These are the new equations:

rbot=(a0+288a1)+s(b0+288b1)q(f0+288f1)c2176rtop=a2+sb2qf2+c\begin{aligned} r_{bot} &= (a_0 + 2^{88} \cdot a_1) + s \cdot (b_0 + 2^{88} \cdot b_1) - q \cdot (f_0 + 2^{88} \cdot f_1) - c \cdot 2^{176} \\ r_{top} &= a_2 + s \cdot b_2 - q \cdot f_2 + c \end{aligned}

with rtop=r2r_{top} = r_2 and c=c1c = c_1.

Gadget

The full foreign field addition/subtraction gadget will be composed of:

  • 11 public input row containing the value 11;
  • nn rows with ForeignFieldAdd gate type:
    • for the actual nn chained additions or subtractions;
  • 11 ForeignFieldAdd row for the bound addition;
  • 11 Zero row for the final bound addition.
  • 11 RangeCheck gadget for the first left input of the chain a1:=aa_1 := a;
  • Then, nn of the following set of rows:
    • 11 RangeCheck gadget for the ii-th right input bib_i;
    • 11 RangeCheck gadget for the ii-th result which will correspond to the (i+1)(i+1)-th left input of the chain ri=ai+1r_i = a_{i+1}.
  • 11 final RangeCheck gadget for the bound check uu.

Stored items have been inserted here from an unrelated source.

Definition dual_lincomb (a : R) (f : D) (b : R) (g : D) : D :=
  Dual (@dual_lincomb_linear a f b g) (@dual_lincomb_continuous a f b g).

Fact dual0_linear (c : R) (x y : X) : 0 = c * 0 + 0 :> R.
Proof. by rewrite mulr0 addr0. Qed.

Definition dual0 : D := Dual dual0_linear (fun x => cvg_cst (0 : R)).

Definition fitz_term (z u : ZX) : R := z.2 u.1 + u.2 z.1 - u.2 u.1.

Definition mono_gap (z u : ZX) : R := z.2 (z.1 - u.1) - u.2 (z.1 - u.1).

Lemma fitz_term_diag z : fitz_term z z = coupling z.
Proof. by rewrite /fitz_term /coupling addrK. Qed.

Lemma coupling_sub_fitz_term z u : coupling z - fitz_term z u = mono_gap z u.
Proof. by rewrite /fitz_term /coupling /mono_gap !linearB /=; ring. Qed.

Lemma phiT_ge (S : set ZX) z u : S u -> ((fitz_term z u)%:E <= phiT S z)%E.
Proof. by move=> Su; apply: ereal_sup_ubound; exists u. Qed.

Lemma phiT_le (S : set ZX) z (r : \bar R) :
  (forall u, S u -> ((fitz_term z u)%:E <= r)%E) -> (phiT S z <= r)%E.
Proof. by move=> h; apply: ge_ereal_sup => _ [u Su <-]; apply: h. Qed.

Lemma phiT_le_coupling (S : set ZX) z :
  (phiT S z <= (coupling z)%:E)%E <-> forall u, S u -> 0 <= mono_gap z u.
Proof.
split => [h u Su|h].
- by have := le_trans (phiT_ge z Su) h; rewrite lee_fin -subr_ge0 coupling_sub_fitz_term.
- by apply: phiT_le => u Su; rewrite lee_fin -subr_ge0 coupling_sub_fitz_term; apply: h.
Qed.

Lemma phiT_convex (S : set ZX) : convex_fun (phiT S).
Proof.
move=> z1 z2 z t /andP[t0 t1] e1 e2; apply: phiT_le => u Su.
have -> : fitz_term z u = t * fitz_term z1 u + (1 - t) * fitz_term z2 u.
  by rewrite /fitz_term e1 e2 linearD !linearZ /=; ring.
rewrite EFinD !EFinM; apply: leeD; apply: lee_wpmul2l; try exact: phiT_ge.
  by rewrite lee_fin ltW.
by rewrite lee_fin subr_ge0 ltW.
Qed.

Lemma phiT_lsc (S : set ZX) : lsc_fun (phiT S).
Proof.
move=> r z /= /negP; rewrite -ltNge.
move/ereal_sup_gt => [_ [u Su <-]]; rewrite lte_fin => ru.
(* [fitz_term _ u] is continuous in the first variable and depends on the
   second one only through its value at [u.1] *)
pose eps := (fitz_term z u - r) / 2.
have eps0 : 0 < eps by rewrite divr_gt0 // subr_gt0.
exists [set y | `|u.2 y - u.2 z.1| < eps]; split.
  have /cvgrPdist_lt/(_ eps eps0) := @dual_cont _ _ u.2 z.1.
  by apply: filterS => y /=; rewrite distrC.
exists [:: u.1], eps => // y y' /= uy /(_ u.1); rewrite mem_seq1 eqxx => /(_ isT) y'u.
move=> /(le_trans (phiT_ge (y, y') Su)); rewrite lee_fin /fitz_term /= => le.
by move: uy y'u => /ltr_distlCBl uy /ltr_distlCBl y'u; rewrite /eps /fitz_term in ru uy y'u; lra.
Qed.

Lemma restr_setT (T : set ZX) : restr T setT = T.
Proof. by apply/seteqP; split => [z []|z Tz]. Qed.

Lemma identifies_V_NI (V : set X) (T : set ZX) : identifies V T -> V_NI V T.
Proof.
move=> idT z Vz; rewrite leNgt; apply/negP => lt.
have Tz : T z by apply: idT => //; exact: ltW.
have := phiT_ge z (conj Tz Vz : restr T V z); rewrite fitz_term_diag => h.
by move: (le_lt_trans h lt); rewrite ltxx.
Qed.

Lemma representable_of_identifies (T : set ZX) :
  in_MX T -> identifies setT T -> representable T.
Proof.
move=> [monoT [z0 Tz0]] idT.
have phi_ge z : ((coupling z)%:E <= phiT T z)%E.
  by have := identifies_V_NI idT (z := z) I; rewrite restr_setT.
have phi_eq z : T z -> phiT T z = (coupling z)%:E.
  move=> Tz; apply/eqP; rewrite eq_le phi_ge andbT.
  by apply/phiT_le_coupling => u Tu; apply: monoT.
exists (phiT T); split => //; [split | exact: phiT_convex | exact: phiT_lsc |].
- by move=> z; apply/negP => /eqP e; have := phi_ge z; rewrite e leeNy_eq.
- by exists z0; rewrite phi_eq.
- apply/seteqP; split => z /=; last exact: phi_eq.
  by move=> e; apply: idT; rewrite // restr_setT e.
Qed.

Lemma representable_monotone (T : set ZX) : representable T -> monotone_op T.
Proof.
move=> [h [_ ch _ hc eT]] z w Tz Tw.
have [hz hw] : h z = (coupling z)%:E /\ h w = (coupling w)%:E.
  by rewrite -eT in Tz Tw.
pose t : R := 2^-1.
have t01 : 0 < t < 1 by apply/andP; split; rewrite /t; lra.
pose m : ZX := (t *: z.1 + (1 - t) *: w.1, dual_lincomb t z.2 (1 - t) w.2).
have := ch z w m t t01 erefl (fun u => erefl).
rewrite hz hw -!EFinM -EFinD => /(le_trans (hc m)).
(* c m <= h m <= (c z + c w) / 2, and (c z + c w) / 2 - c m = mono_gap z w / 4 *)
rewrite lee_fin /coupling /mono_gap /m /= !linearD !linearZ !linearN /t /=; lra.
Qed.

Lemma V_NI_setT_neq0 (T : set ZX) : V_NI setT T -> T !=set0.
Proof.
move=> NI; apply/set0P/negP => /eqP T0.
have := NI (0, dual0) I; rewrite T0.
have -> : restr set0 setT = set0 :> set ZX by apply/seteqP; split => [? []|].
by rewrite /phiT image_set0 ereal_sup0 leeNy_eq.
Qed.

End FitzpatrickFunction.

Section TopologicalVectorSpace.
Context (R : realType) (X : tvsType R).

Lemma nbhs_affine (x0 p : X) (k : R) (U : set X) :
  nbhs x0 U -> nbhs p [set y | U (x0 + k *: (y - p))].
Proof.
move=> U0.
have : (fun y => x0 + k *: (y - p)) @ p --> x0 + k *: (p - p).
  apply: (@continuous2_cvg _ _ _ _ _ _ (fun _ => x0) (fun y => k *: (y - p)) (fun a b => a + b)).
  - exact: (@add_continuous X (x0, k *: (p - p))).
  - exact: cvg_cst.
  apply: (@continuous2_cvg _ _ _ _ _ _ (fun _ => k) (fun y => y - p)
    (fun (a : R^o) (b : X) => a *: b)).
  - exact: (@scale_continuous _ X (k, p - p)).
  - exact: cvg_cst.
  apply: (@continuous2_cvg _ _ _ _ _ _ id (fun _ => p) (fun (a : X) (b : X) => a - b)).
  - exact: (@sub_continuous X (p, p)).
  - exact: cvg_id.
  - exact: cvg_cst.
by rewrite subrr scaler0 addr0 => /(_ U U0).
Qed.

Lemma nbhs_acore (x0 : X) (U : set X) : nbhs x0 U -> acore U x0.
Proof.
move=> U0 d.
have : (fun t : R^o => x0 + t *: d) @ (0 : R^o) --> x0 + (0 : R^o) *: d.
  apply: (@continuous2_cvg _ _ _ _ _ _ (fun _ => x0) (fun t : R^o => t *: d) (fun a b => a + b)).
  - exact: (@add_continuous X (x0, 0 *: d)).
  - exact: cvg_cst.
  apply: (@continuous2_cvg _ _ _ _ _ _ id (fun _ => d) (fun (a : R^o) (b : X) => a *: b)).
  - exact: (@scale_continuous _ X (0, d)).
  - exact: cvg_id.
  - exact: cvg_cst.
rewrite scale0r addr0 => /(_ U U0) /= /nbhs_ballP [e /= e0 he].
exists (e / 2); first by rewrite divr_gt0.
move=> t /andP[t0 te]; apply: he; rewrite /ball /= sub0r normrN ger0_norm //.
by apply: le_lt_trans te _; rewrite ltr_pdivrMr // ltr_pMr // ltr1n.
Qed.

Lemma nbhs_convex_sub (x0 : X) (N : set X) : nbhs x0 N ->
  exists2 U, nbhs x0 U /\ is_convex U & U `<=` N.
Proof.
move=> Nx0; have [B Bconvex [Bopen Bbasis]] := @locally_convex R X.
have [U [BU Ux0] UN] := Bbasis x0 N Nx0.
exists U => //; split; first by apply: open_nbhs_nbhs; split => //; exact: Bopen.
move=> y1 y2 t U1 U2 /andP[t0 t1].
have := Bconvex U (mem_set BU) y1 y2 (Itv01 (ltW t0) (ltW t1)) (mem_set U1) (mem_set U2).
by rewrite inE.
Qed.

(* A linear functional bounded above near one point is bounded near every
   point, with a bound that shrinks with the neighbourhood. *)
Lemma scalar_continuous_of_ubound (L : {scalar X}) (U : set X) (x0 : X) (M : R) :
  nbhs x0 U -> (forall y, U y -> L y <= M) -> continuous L.
Proof.
move=> Ux0 LM p; apply/cvgrPdist_lt => eps eps0.
pose K := M - L x0 + 1.
have K0 : 0 < K by have := LM _ (nbhs_singleton Ux0); rewrite /K; lra.
pose k := 2 * K / eps.
have k0 : 0 < k by rewrite /k divr_gt0 // mulr_gt0.
apply: filterS (filterI (nbhs_affine p k Ux0) (nbhs_affine p (- k) Ux0)).
move=> y [/LM u1 /LM u2].
have Laff c : L (x0 + c *: (y - p)) = L x0 + c * (L y - L p).
  by rewrite linearD linearZ linearB.
rewrite !Laff in u1 u2.
have : k * `|L p - L y| <= K - 1.
  rewrite -{1}(ger0_norm (ltW k0)) -normrM ler_norml; apply/andP; split; rewrite /K; lra.
rewrite -(ltr_pM2l k0); have -> : k * eps = 2 * K by rewrite /k; field; rewrite gt_eqF.
lra.
Qed.

End TopologicalVectorSpace.

Lemma scalar_fct_eval (R : realType) (T : eqType) (L : {scalar (T -> R)})
    (s : seq T) (g0 : T -> R) (e M : R) :
  0 < e -> (forall g, (forall u, u \in s -> `|g u - g0 u| < e) -> L g <= M) ->
  forall g, L g = \sum_(u <- undup s) g u * L (fun x => (x == u)%:R).
Proof.
move=> e0 LM.
have Lvan g : (forall u, u \in s -> g u = 0) -> L g = 0.
  move=> gs; have Lk (k : R) : k * L g + L g0 <= M.
    rewrite -linearP; apply: LM => u us /=.
    have -> : (k *: g + g0) u = k * g u + g0 u by [].
    by rewrite gs // mulr0 add0r subrr normr0.
  apply/eqP; apply/negP => /negP Lg0.
  have := Lk ((`|M - L g0| + 1) / L g); rewrite -mulrA mulVf // mulr1.
  by have := ler_norm (M - L g0); lra.
move=> g; pose g1 := \sum_(u <- undup s) g u *: (fun x => (x == u)%:R : R).
rewrite -{1}(subrK g1 g) linearD Lvan ?add0r; last first.
  move=> x xs; have -> : (g - g1) x = g x - g1 x by [].
  have scaleE (a : R) (f : T -> R) y : (a *: f) y = a * f y by [].
  rewrite /g1 fct_sumE (big_rem x) ?mem_undup //= big_seq_cond big1 ?addr0.
    by rewrite scaleE eqxx mulr1 subrr.
  move=> u /andP[+ _]; rewrite (mem_rem_uniq _ (undup_uniq s)) => /andP[ux _].
  by rewrite scaleE eq_sym (negbTE ux) mulr0.
by rewrite /g1 linear_sum; apply: eq_bigr => u _; rewrite linearZ.
Qed.

Lemma convex_comb_lt (R : realFieldType) (t a b c : R) :
  0 < t < 1 -> a < c -> b < c -> t * a + (1 - t) * b < c.
Proof.
case/andP => t0 t1 ac bc.
have : t * a < t * c by rewrite ltr_pM2l.
have : (1 - t) * b < (1 - t) * c by rewrite ltr_pM2l // subr_gt0.
lra.
Qed.

Lemma convex_comb_norm_lt (R : realFieldType) (t a b e : R) :
  0 < t < 1 -> `|a| < e -> `|b| < e -> `|t * a + (1 - t) * b| < e.
Proof.
move=> t01 ae be; apply: le_lt_trans (ler_normD _ _) _; case/andP: (t01) => t0 t1.
have t0' : 0 <= t by exact: ltW.
have t1' : 0 <= 1 - t by rewrite subr_ge0 ltW.
by rewrite !normrM (ger0_norm t0') (ger0_norm t1') convex_comb_lt.
Qed.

A total of 20 rows with 15 columns in Kimchi for 1 addition. All ranges below are inclusive.

Row(s)Gate type(s)Witness
0PublicInput11
1..nForeignFieldAdd+/-
n+1ForeignFieldAddbound
n+2Zerobound
n+3..n+6multi-range-checkleft
n+7+8i..n+10+8imulti-range-checkright
n+11+8i..n+14+8imulti-range-checkrr
9n+7..9n+10multi-range-checkuu

This mechanism can chain foreign field additions together. Initially, there are nn foreign field addition gates, followed by a foreign field addition gate for the bound addition (whose current row corresponds to the next row of the last foreign field addition gate), and an auxiliary Zero row that holds the upper bound. At the end, an initial left input range check is performed, which is followed by a nn pairs of range check gates for the right input and intermediate result (which become the left input for the next iteration). After the chained inputs checks, a final range check on the bound takes place.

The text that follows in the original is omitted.